(DATA)
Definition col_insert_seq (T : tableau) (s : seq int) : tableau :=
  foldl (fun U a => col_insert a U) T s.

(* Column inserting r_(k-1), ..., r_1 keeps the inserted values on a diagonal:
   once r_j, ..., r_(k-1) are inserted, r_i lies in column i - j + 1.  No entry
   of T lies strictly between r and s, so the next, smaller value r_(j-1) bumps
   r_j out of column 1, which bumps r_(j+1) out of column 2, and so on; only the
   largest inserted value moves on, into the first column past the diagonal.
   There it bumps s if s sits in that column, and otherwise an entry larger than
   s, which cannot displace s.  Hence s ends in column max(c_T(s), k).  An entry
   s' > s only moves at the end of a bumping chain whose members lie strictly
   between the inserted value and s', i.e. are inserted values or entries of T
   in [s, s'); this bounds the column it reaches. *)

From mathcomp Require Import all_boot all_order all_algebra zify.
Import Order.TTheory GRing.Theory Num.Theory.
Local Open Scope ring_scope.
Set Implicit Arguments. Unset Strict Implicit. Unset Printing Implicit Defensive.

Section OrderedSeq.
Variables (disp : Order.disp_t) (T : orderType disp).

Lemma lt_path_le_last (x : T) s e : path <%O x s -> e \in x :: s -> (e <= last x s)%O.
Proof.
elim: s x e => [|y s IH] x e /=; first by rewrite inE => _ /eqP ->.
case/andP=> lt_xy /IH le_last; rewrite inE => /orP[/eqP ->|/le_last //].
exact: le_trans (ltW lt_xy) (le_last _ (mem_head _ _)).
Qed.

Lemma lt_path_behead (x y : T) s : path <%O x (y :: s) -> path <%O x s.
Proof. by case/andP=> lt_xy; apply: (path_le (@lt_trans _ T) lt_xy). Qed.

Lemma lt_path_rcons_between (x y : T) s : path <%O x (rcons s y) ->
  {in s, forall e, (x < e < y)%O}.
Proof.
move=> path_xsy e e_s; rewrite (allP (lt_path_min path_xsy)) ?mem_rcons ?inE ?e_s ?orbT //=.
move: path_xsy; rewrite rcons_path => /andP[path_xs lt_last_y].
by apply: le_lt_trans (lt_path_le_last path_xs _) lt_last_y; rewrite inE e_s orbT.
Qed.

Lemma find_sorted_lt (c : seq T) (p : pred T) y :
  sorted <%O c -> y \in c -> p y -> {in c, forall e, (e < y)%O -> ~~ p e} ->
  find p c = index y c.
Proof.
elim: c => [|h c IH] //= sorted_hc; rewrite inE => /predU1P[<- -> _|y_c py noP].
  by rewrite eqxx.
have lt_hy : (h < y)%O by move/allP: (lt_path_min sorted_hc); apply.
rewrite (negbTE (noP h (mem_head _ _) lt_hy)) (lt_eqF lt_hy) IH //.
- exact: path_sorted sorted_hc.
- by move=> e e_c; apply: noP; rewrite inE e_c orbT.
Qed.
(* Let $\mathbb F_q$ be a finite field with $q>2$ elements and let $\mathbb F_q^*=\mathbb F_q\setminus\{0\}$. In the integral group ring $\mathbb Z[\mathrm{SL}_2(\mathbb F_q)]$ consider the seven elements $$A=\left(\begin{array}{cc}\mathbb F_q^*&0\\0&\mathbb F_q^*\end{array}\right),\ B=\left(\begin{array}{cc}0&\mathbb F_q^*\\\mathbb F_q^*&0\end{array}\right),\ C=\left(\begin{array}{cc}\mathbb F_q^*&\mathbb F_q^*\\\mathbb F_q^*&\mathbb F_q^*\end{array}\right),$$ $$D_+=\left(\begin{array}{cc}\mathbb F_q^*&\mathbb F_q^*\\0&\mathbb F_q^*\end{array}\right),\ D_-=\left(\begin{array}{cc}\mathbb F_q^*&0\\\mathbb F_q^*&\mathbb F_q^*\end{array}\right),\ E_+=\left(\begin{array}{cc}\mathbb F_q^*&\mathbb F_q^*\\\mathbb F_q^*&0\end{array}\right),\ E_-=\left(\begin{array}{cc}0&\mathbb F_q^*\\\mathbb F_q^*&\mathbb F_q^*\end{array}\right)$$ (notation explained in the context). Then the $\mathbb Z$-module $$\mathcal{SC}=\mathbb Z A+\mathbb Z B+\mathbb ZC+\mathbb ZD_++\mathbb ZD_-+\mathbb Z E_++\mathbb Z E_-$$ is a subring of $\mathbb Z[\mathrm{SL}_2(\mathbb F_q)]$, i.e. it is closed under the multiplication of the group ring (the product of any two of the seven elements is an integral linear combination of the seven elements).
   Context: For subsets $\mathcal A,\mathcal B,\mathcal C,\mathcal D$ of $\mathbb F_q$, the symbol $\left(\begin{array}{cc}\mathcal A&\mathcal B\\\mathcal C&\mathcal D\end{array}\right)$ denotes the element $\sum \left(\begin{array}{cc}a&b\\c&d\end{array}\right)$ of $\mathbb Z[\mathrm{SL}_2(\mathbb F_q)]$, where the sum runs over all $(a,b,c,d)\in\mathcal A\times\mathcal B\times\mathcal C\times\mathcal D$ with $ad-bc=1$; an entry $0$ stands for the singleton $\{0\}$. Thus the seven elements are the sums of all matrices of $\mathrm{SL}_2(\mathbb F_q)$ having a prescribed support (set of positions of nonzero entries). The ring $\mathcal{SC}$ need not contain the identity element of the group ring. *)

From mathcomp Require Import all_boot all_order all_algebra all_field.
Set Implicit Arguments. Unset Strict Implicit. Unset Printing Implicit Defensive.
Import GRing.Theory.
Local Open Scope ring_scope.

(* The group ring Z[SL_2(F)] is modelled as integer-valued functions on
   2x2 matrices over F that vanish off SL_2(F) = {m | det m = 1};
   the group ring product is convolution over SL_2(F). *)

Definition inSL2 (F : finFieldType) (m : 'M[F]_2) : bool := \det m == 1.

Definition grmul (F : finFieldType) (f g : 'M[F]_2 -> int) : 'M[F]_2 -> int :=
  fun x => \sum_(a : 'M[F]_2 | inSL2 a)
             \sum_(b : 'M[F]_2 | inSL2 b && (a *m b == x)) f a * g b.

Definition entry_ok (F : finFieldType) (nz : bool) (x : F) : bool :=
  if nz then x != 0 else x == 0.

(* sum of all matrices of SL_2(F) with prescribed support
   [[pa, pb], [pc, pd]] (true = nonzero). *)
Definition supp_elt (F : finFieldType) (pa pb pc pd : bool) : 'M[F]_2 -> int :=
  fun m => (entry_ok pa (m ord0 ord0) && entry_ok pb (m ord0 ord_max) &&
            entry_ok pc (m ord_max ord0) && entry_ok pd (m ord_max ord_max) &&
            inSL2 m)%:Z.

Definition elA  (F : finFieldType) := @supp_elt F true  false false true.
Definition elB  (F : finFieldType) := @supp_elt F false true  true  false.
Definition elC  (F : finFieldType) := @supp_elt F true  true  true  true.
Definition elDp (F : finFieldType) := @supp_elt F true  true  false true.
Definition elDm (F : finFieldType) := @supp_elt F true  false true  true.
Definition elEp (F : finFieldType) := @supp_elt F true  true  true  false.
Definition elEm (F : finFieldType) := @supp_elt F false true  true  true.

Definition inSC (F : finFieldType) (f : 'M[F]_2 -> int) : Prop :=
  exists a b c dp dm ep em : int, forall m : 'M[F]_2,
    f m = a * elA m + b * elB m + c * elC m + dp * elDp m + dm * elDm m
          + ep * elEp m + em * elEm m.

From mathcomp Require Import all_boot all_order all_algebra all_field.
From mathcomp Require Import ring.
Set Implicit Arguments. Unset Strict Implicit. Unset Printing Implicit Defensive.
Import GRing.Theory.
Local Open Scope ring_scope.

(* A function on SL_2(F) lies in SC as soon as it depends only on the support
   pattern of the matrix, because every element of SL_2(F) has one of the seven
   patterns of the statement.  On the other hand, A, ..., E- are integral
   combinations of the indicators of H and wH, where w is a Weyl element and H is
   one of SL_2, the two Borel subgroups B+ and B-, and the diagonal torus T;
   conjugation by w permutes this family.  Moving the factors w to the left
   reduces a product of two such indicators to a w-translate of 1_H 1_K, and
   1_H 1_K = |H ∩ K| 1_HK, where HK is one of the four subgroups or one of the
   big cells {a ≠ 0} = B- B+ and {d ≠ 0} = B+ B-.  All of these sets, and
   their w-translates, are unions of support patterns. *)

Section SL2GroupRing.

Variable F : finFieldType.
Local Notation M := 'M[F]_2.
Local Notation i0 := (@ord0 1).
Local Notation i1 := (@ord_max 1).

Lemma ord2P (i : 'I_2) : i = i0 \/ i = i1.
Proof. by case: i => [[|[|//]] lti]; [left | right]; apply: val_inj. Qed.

(WORK ORDER)
On how many lines of the material does the word "allP" appear? Reply with the number alone.

(RESULT)
2